WORK INSTRUCTIONS | For the data below, report how many lines contain the string "colP" and write nothing more.

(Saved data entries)
------------------------------------------------------------------------

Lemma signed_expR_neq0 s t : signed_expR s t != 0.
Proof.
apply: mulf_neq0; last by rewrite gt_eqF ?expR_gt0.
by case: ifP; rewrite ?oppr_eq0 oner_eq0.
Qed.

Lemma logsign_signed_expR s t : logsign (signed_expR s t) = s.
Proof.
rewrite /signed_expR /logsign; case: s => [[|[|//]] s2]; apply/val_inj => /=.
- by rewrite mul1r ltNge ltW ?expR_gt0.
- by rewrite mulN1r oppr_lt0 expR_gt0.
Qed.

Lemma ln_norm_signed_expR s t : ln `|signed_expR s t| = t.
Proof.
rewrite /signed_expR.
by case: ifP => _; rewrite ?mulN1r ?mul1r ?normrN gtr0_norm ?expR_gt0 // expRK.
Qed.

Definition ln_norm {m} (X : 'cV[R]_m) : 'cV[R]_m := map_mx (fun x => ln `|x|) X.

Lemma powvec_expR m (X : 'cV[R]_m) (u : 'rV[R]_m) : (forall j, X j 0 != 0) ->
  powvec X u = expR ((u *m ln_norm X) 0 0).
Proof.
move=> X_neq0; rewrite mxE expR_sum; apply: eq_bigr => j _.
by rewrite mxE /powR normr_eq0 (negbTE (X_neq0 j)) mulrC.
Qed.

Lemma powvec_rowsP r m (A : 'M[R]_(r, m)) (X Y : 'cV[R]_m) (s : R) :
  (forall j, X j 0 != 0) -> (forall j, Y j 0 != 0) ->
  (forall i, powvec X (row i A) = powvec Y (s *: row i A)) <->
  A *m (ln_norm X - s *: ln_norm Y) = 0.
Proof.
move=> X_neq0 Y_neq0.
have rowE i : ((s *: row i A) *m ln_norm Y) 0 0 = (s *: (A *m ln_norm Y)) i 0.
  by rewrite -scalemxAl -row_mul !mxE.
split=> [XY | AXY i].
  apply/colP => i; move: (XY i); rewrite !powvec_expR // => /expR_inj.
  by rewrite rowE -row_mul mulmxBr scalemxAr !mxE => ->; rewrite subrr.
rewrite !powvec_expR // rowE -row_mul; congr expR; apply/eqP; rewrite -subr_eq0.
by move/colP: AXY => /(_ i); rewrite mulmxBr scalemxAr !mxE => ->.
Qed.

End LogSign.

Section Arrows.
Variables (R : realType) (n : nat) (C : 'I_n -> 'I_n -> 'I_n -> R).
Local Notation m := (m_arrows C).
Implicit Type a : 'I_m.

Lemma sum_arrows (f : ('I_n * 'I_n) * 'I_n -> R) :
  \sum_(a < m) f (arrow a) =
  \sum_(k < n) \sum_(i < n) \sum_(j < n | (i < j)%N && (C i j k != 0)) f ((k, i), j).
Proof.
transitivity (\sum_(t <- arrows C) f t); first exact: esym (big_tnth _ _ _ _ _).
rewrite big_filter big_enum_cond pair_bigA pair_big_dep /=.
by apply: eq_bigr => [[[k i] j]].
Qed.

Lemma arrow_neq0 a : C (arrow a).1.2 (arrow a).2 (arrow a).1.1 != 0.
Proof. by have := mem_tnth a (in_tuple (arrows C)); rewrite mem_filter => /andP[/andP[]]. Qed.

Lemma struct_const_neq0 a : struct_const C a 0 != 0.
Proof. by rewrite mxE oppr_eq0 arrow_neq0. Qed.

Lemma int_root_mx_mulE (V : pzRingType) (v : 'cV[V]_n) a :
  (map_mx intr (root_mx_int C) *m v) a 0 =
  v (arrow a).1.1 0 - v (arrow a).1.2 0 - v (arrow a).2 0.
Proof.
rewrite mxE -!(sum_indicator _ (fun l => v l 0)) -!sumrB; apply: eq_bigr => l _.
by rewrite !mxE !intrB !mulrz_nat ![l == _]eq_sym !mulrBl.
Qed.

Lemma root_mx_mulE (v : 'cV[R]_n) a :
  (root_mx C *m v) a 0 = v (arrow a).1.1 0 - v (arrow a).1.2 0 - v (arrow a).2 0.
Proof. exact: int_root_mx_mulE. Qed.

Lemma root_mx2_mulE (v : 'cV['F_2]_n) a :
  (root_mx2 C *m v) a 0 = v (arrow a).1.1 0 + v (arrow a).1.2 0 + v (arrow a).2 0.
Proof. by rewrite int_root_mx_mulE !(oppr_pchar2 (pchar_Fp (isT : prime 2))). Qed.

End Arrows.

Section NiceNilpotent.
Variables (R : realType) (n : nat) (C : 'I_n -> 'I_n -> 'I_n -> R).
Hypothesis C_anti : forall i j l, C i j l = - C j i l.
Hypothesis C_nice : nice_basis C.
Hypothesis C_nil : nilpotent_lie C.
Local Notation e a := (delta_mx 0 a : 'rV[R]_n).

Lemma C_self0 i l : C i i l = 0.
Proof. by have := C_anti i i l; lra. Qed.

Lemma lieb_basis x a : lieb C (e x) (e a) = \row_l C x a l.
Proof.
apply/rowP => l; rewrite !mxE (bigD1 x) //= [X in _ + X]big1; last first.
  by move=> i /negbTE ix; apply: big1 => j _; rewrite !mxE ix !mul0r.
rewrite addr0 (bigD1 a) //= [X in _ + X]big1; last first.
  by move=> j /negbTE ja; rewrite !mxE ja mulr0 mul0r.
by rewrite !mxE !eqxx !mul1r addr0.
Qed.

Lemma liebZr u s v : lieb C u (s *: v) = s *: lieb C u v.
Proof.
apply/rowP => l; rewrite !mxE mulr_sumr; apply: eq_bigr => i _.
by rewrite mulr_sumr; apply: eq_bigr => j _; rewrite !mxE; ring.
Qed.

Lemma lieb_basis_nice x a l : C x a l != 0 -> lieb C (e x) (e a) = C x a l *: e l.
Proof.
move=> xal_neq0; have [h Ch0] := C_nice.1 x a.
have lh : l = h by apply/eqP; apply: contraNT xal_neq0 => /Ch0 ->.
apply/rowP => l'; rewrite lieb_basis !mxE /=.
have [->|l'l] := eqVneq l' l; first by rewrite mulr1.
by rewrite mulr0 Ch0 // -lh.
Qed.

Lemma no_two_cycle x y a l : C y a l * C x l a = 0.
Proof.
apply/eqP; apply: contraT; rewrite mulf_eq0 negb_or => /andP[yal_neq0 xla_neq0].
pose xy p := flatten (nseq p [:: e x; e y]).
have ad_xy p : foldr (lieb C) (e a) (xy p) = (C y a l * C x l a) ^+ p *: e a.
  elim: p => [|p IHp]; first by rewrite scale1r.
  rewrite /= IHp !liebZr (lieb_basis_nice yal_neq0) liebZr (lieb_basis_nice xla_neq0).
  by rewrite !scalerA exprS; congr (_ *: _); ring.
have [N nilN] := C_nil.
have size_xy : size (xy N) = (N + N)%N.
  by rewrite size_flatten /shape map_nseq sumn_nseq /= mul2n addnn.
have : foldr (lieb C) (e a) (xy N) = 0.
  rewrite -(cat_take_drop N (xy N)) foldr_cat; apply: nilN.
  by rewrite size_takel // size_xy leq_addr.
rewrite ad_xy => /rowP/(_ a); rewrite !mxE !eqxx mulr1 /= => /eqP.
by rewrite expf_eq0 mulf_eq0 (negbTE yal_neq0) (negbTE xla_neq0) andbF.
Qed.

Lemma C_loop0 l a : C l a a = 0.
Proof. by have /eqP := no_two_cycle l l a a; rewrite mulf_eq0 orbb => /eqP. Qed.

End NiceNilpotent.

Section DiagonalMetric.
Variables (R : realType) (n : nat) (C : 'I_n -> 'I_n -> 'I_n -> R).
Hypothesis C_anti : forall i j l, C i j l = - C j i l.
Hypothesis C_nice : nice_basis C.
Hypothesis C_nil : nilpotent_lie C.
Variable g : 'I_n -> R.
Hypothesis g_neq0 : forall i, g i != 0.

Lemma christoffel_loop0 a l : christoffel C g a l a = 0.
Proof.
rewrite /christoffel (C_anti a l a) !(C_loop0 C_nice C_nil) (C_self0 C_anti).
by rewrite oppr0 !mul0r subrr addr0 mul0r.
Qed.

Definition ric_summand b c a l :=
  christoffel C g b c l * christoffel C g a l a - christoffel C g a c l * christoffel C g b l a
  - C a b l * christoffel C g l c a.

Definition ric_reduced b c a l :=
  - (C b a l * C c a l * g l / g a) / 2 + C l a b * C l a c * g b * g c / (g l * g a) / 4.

------------------------------------------------------------------------

EXERCISE RESULT | 2